In order that the herbarium central collections area be maintained as a (hopefully) pest-free environment without relying on paradichlorobenzene or other toxic chemicals, NO PLANTS ARE TO BE BROUGHT INTO THE CENTRAL COLLECTIONS AREA until or unless they meet the following guidelines:

a. All incoming dried meterial MUST be frozen for a week (if a shorter time period is essential, microwaving is an option). This is particularly critical for specimens shipped from other institutions, including returned UC/JEPS specimens. Even specimens that are not prone to infestation (e.g., algae, bryophytes) should be frozen in order to eliminate potential paper-destroying pests.

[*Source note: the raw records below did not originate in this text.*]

Lemma is_series_of_RInt (x I : R) : Rabs x < 27 / 4 ->
  is_RInt (gen_integrand x) 0 1 I ->
  is_series (fun n => x ^ S n / (INR (S n) * Binomial.C (3 * S n) (S n))) I.
Proof.
  intros Hx HI.
  set (q := Rabs x * (4 / 27)).
  assert (Hq : 0 <= q < 1) by (pose proof (Rabs_pos x); unfold q; lra).
  assert (Hw : forall t, 0 <= t <= 1 -> Rabs (x * (t * (1 - t) ^ 2)) <= q).
  { intros t Ht. destruct (cubic_kernel_bound t Ht).
    rewrite Rabs_mult, (Rabs_pos_eq (t * _)) by lra.
    apply Rmult_le_compat_l; [apply Rabs_pos | lra]. }
  apply (is_lim_seq_geom_bound _ _ (2 * Rabs x * q / (1 - q)) q Hq).
  intros N.
  replace (2 * Rabs x * q / (1 - q) * q ^ N) with ((1 - 0) * (2 * Rabs x * q ^ S N / (1 - q)))
    by (simpl; field; lra).
  apply (norm_RInt_le_const (V := R_NormedModule)
           (fun t => sum_n (fun j => x ^ S j * (2 * (t * (1 - t)) * (t * (1 - t) ^ 2) ^ j)) N
                     - gen_integrand x t)); [lra| |].
  - intros t Ht. change (norm ?z) with (Rabs z).
    specialize (Hw t Ht). assert (Hw1 : x * (t * (1 - t) ^ 2) <> 1)
      by (apply Rabs_le_between in Hw; lra).
    rewrite (sum_n_ext _ (fun j => 2 * x * (t * (1 - t)) * (x * (t * (1 - t) ^ 2)) ^ j))
      by (intros j; rewrite (Rpow_mult_distr x); simpl; ring).
    rewrite sum_n_geom_scal by exact Hw1. unfold gen_integrand.
    replace (_ - _) with (- (2 * x * (t * (1 - t)) * (x * (t * (1 - t) ^ 2)) ^ S N
                             / (1 - x * (t * (1 - t) ^ 2)))) by (field; lra).
    rewrite Rabs_Ropp. eapply Rle_trans; [apply (Rabs_geom_tail_le _ _ q); lra|].
    apply Rmult_le_compat_r; [apply Rlt_le, Rinv_0_lt_compat; lra|].
    apply Rmult_le_compat_r; [apply pow_le; lra|].
    rewrite !Rabs_mult, (Rabs_pos_eq 2), (Rabs_pos_eq t), (Rabs_pos_eq (1 - t)) by lra.
    pose proof (Rabs_pos x). nra.
  - apply (is_RInt_minus (V := R_NormedModule) (fun t => sum_n _ N));
      [apply is_RInt_partial_sum | exact HI].
Qed.
(* Let $(X_n)_{n\ge1}$ be a sequence of symmetrical random variables with finite second moments, taking values in a Hilbert space $\mathbb{H}$. Suppose the series $\sum_{n=1}^\infty X_n$ converges almost surely in $\mathbb{H}$, and there is a constant $K>0$ such that for all integers $m\ge0$ and $j\ge1$, $$\mathbb{E}\big(\|X_{m+1}+\cdots+X_{m+j}\|^4\big)\le K\,\Big(\mathbb{E}\big(\|X_{m+1}+\cdots+X_{m+j}\|^2\big)\Big)^2.$$ Then the series $\sum_{n=1}^\infty X_n$ also converges in $L^2(\Omega;\mathbb{H})$, i.e. $\lim_{m\to\infty}\sup_{j\ge1}\mathbb{E}(\|S_{m+j}-S_m\|^2)=0$ where $S_n=X_1+\cdots+X_n$.
   Context: A random variable $X$ with values in $\mathbb{H}$ is symmetrical if $X$ and $-X$ have the same distribution. No independence among the $X_n$ is assumed. *)

From HB Require Import structures.
From mathcomp Require Import all_boot all_order all_algebra.
From mathcomp Require Import all_classical all_reals all_analysis.
Set Implicit Arguments. Unset Strict Implicit. Unset Printing Implicit Defensive.
Import Order.TTheory GRing.Theory Num.Theory.
Import numFieldNormedType.Exports.
Local Open Scope classical_set_scope.
Local Open Scope ring_scope.

(* A (real) inner product [ip] on V inducing the norm of V:
   symmetric, linear in the first argument, and |x|^2 = <x,x>.
   (Positivity/definiteness then follow from the norm axioms.)
   A Hilbert space is a complete normed space with such an inner product. *)
Definition is_inner_product_norm {R : realType} {V : normedModType R}
  (ip : V -> V -> R) : Prop :=
  [/\ (forall x y, ip x y = ip y x),
      (forall (a : R) (x y z : V), ip (a *: x + y) z = a * ip x z + ip y z)
    & (forall x, `|x| ^+ 2 = ip x x)].

Definition Borel_set {V : topologicalType} (B : set V) : Prop :=
  <<s [set O : set V | open O] >> B.

(* An H-valued random variable (in the sense needed for L^p(Omega;H)):
   Borel measurable and separably valued (strongly measurable, by Pettis). *)
Definition H_random_variable {d} {T : measurableType d} {R : realType}
  {V : normedModType R} (X : T -> V) : Prop :=
  (forall B : set V, Borel_set B -> measurable (X @^-1` B)) /\
  (exists D : set V, countable D /\ range X `<=` closure D).
(* If $H\in\mathcal{H}_-$, then $H_{L_H^{**}}(x,y)\le -H_{L_H^{**}}(y,x)$ for all $x,y\in\bar\Omega$; that is, the restriction of $H_{L_H^{**}}$ to $\bar\Omega\times\bar\Omega$ belongs to $\mathcal{H}_-$.
   Context: $\Omega\subset\mathbb{R}^N$ is a bounded domain with $\bar\Omega\subset B_R$, the ball of radius $R>0$ centered at the origin. $\mathcal{H}_-$ is the set of continuous $H$ on $\bar\Omega\times\bar\Omega$ with $H(x,y)\le -H(y,x)$ for all $x,y$. For such $H$: $L_H(x,p)=\sup_{y\in\bar\Omega}\{\langle y,p\rangle-H(y,x)\}$; $L_H^*(q,y)=\sup_{x\in\bar\Omega,\,p\in B_R}\{\langle y,p\rangle+\langle q,x\rangle-L_H(x,p)\}$; $L_H^{**}(y,q)=\sup_{x\in\bar\Omega,\,p\in B_R}\{\langle y,p\rangle+\langle q,x\rangle-L_H^*(p,x)\}$. For a function $L$ on $\mathbb{R}^N\times\mathbb{R}^N$, $H_L(x,y)=\sup_{p\in B_R}\{\langle x,p\rangle-L(y,p)\}$. *)

From Stdlib Require Import Reals ClassicalEpsilon Classical.
Open Scope R_scope.

(* Vectors of R^N: functions nat -> R vanishing from index N on. *)
Definition vec (N : nat) := {x : nat -> R | forall i, (N <= i)%nat -> x i = 0}.
Definition coord {N : nat} (x : vec N) : nat -> R := proj1_sig x.

Fixpoint rsum (n : nat) (f : nat -> R) : R :=
  match n with O => 0 | S k => rsum k f + f k end.

Definition inner {N : nat} (x y : vec N) : R :=
  rsum N (fun i => coord x i * coord y i).
Definition vnorm {N : nat} (x : vec N) : R := sqrt (inner x x).
Definition vdist {N : nat} (x y : vec N) : R :=
  sqrt (rsum N (fun i => (coord x i - coord y i) ^ 2)).

Definition in_ball {N : nat} (r : R) (p : vec N) : Prop := vnorm p < r.

Definition closure {N : nat} (S : vec N -> Prop) (x : vec N) : Prop :=
  forall eps, 0 < eps -> exists y, S y /\ vdist x y < eps.
Definition is_open {N : nat} (S : vec N -> Prop) : Prop :=
  forall x, S x -> exists eps, 0 < eps /\ forall y, vdist y x < eps -> S y.
Definition is_connected {N : nat} (S : vec N -> Prop) : Prop :=
  ~ (exists U V : vec N -> Prop, is_open U /\ is_open V /\
       (forall x, S x -> U x \/ V x) /\
       (exists x, S x /\ U x) /\ (exists x, S x /\ V x) /\
       (forall x, S x -> U x -> V x -> False)).
Definition is_bounded {N : nat} (S : vec N -> Prop) : Prop :=
  exists M, forall x, S x -> vnorm x <= M.
Definition is_domain {N : nat} (S : vec N -> Prop) : Prop :=
  (exists x, S x) /\ is_open S /\ is_connected S.

(* Supremum of a set of reals (real-valued; all sups in this statement are
   of nonempty bounded-above sets; default 0 otherwise). *)
Definition Rsup (E : R -> Prop) : R :=
  match excluded_middle_informative (bound E) with
  | left Hb =>
      match excluded_middle_informative (exists x, E x) with
      | left He => proj1_sig (completeness E Hb He)
      | right _ => 0
      end
  | right _ => 0
  end.

Definition cont_on_cl2 {N : nat} (Om : vec N -> Prop) (H : vec N -> vec N -> R) : Prop :=
  forall x y, closure Om x -> closure Om y ->
  forall eps, 0 < eps -> exists d, 0 < d /\
    forall x' y', closure Om x' -> closure Om y' ->
      vdist x x' < d -> vdist y y' < d -> Rabs (H x' y' - H x y) < eps.

Definition in_Hminus {N : nat} (Om : vec N -> Prop) (H : vec N -> vec N -> R) : Prop :=
  cont_on_cl2 Om H /\
  forall x y, closure Om x -> closure Om y -> H x y <= - H y x.

Definition L_H {N : nat} (Om : vec N -> Prop) (H : vec N -> vec N -> R)
  (x p : vec N) : R :=
  Rsup (fun v => exists y, closure Om y /\ v = inner y p - H y x).

Definition L_H_star {N : nat} (Rad : R) (Om : vec N -> Prop) (H : vec N -> vec N -> R)
  (q y : vec N) : R :=
  Rsup (fun v => exists x p, closure Om x /\ in_ball Rad p /\
          v = inner y p + inner q x - L_H Om H x p).

Definition L_H_star2 {N : nat} (Rad : R) (Om : vec N -> Prop) (H : vec N -> vec N -> R)
  (y q : vec N) : R :=
  Rsup (fun v => exists x p, closure Om x /\ in_ball Rad p /\
          v = inner y p + inner q x - L_H_star Rad Om H p x).

Definition H_L {N : nat} (Rad : R) (L : vec N -> vec N -> R) (x y : vec N) : R :=
  Rsup (fun v => exists p, in_ball Rad p /\ v = inner x p - L y p).

(* Since the closure of Om is compact and H is continuous on it, H is bounded
   below there; together with |<a,b>| <= N R^2 on B_R this makes every
   supremum in L_H, L_H^*, L_H^** finite.  The antisymmetry H(x,y) <= -H(y,x)
   then gives L_H^*(p,x) <= L_H(x,p), and unfolding one more conjugate gives
   L_H^*(q,x) <= L_H^**(x,q).  Hence, for x, y in the closure and p, q in B_R,
     (<x,p> - L_H^**(y,p)) + (<y,q> - L_H^**(x,q)) <= 0,
   and taking suprema over p and q yields H(x,y) <= -H(y,x) for H = H_{L_H^**}. *)

From Stdlib Require Import Reals Lra Lia ClassicalEpsilon Classical.
Open Scope R_scope.

Lemma Rsup_ub (E : R -> Prop) (v : R) : bound E -> E v -> v <= Rsup E.
Proof.
  intros Ebound Ev. unfold Rsup.
  destruct (excluded_middle_informative (bound E)) as [Hb|Hb]; [|contradiction].
  destruct (excluded_middle_informative (exists x, E x)) as [He|He]; [|exfalso; eauto].
  destruct (completeness E Hb He) as [s s_lub]; simpl. now apply (proj1 s_lub).
Qed.

Lemma Rsup_le (E : R -> Prop) (m : R) :
  (exists x, E x) -> (forall v, E v -> v <= m) -> Rsup E <= m.
Proof.
  intros Ene m_ub. unfold Rsup.
  destruct (excluded_middle_informative (bound E)) as [Hb|Hb];
    [|exfalso; apply Hb; now exists m].
  destruct (excluded_middle_informative (exists x, E x)) as [He|He]; [|contradiction].
  destruct (completeness E Hb He) as [s s_lub]; simpl. now apply (proj2 s_lub).
Qed.

Lemma Rsup_le_opp_Rsup (A B : R -> Prop) :
  (exists a, A a) -> (exists b, B b) ->
  (forall a b, A a -> B b -> a + b <= 0) -> Rsup A <= - Rsup B.
Proof.
  intros [a0 Aa0] Bne AB.
  assert (supB_le : forall a, A a -> Rsup B <= - a).
  { intros a Aa. apply Rsup_le; auto. intros b Bb. specialize (AB a b Aa Bb). lra. }
  apply Rsup_le; [now exists a0|]. intros a Aa. specialize (supB_le a Aa). lra.
Qed.

Lemma Rabs_le_inv (a b : R) : Rabs a <= b -> - b <= a <= b.
Proof. unfold Rabs. destruct (Rcase_abs a); lra. Qed.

b. As an exception rather than the rule, a limited quantity of recently collected specimens that 1) have not been housed where infestations are likely and 2) are needed in the collections area for only a brief period of time (e.g., for comparison with UC/JEPS collections) may be given clearance after a visual inspection by an authorized staff member. This is a pragmatic alternative to microwaving, based on the fact that even if eggs are present they are unlikely to hatch and cause an infestation within a few hours. As a corollary, the specimens should subsequently be frozen if they are to be left in the herbarium.

c. Living material is generally okay, following the logic that the pests that attack live plants are not the same as those that attack dried plant material (also, living plants do not hold up well to freezing or microwaving). However, pollen-bearing structures and dead portions should be inspected and/or removed.

d. Specimens left out overnight should be frozen prior to refiling (evening is the period of greatest adult herbarium beetle activity). It is also recommended that material that has been housed outside of the main collection area (e.g., research offices) be frozen prior to refiling, just to be on the safe side. Specimens that have been outside of the contiguous herbarium area (e.g., offices elsewhere in VLSB) must be frozen prior to reentry.

e. Fluid-preserved material does not need to be frozen. Remember, however, that formalin-preserved material should be examined only under an operating hood.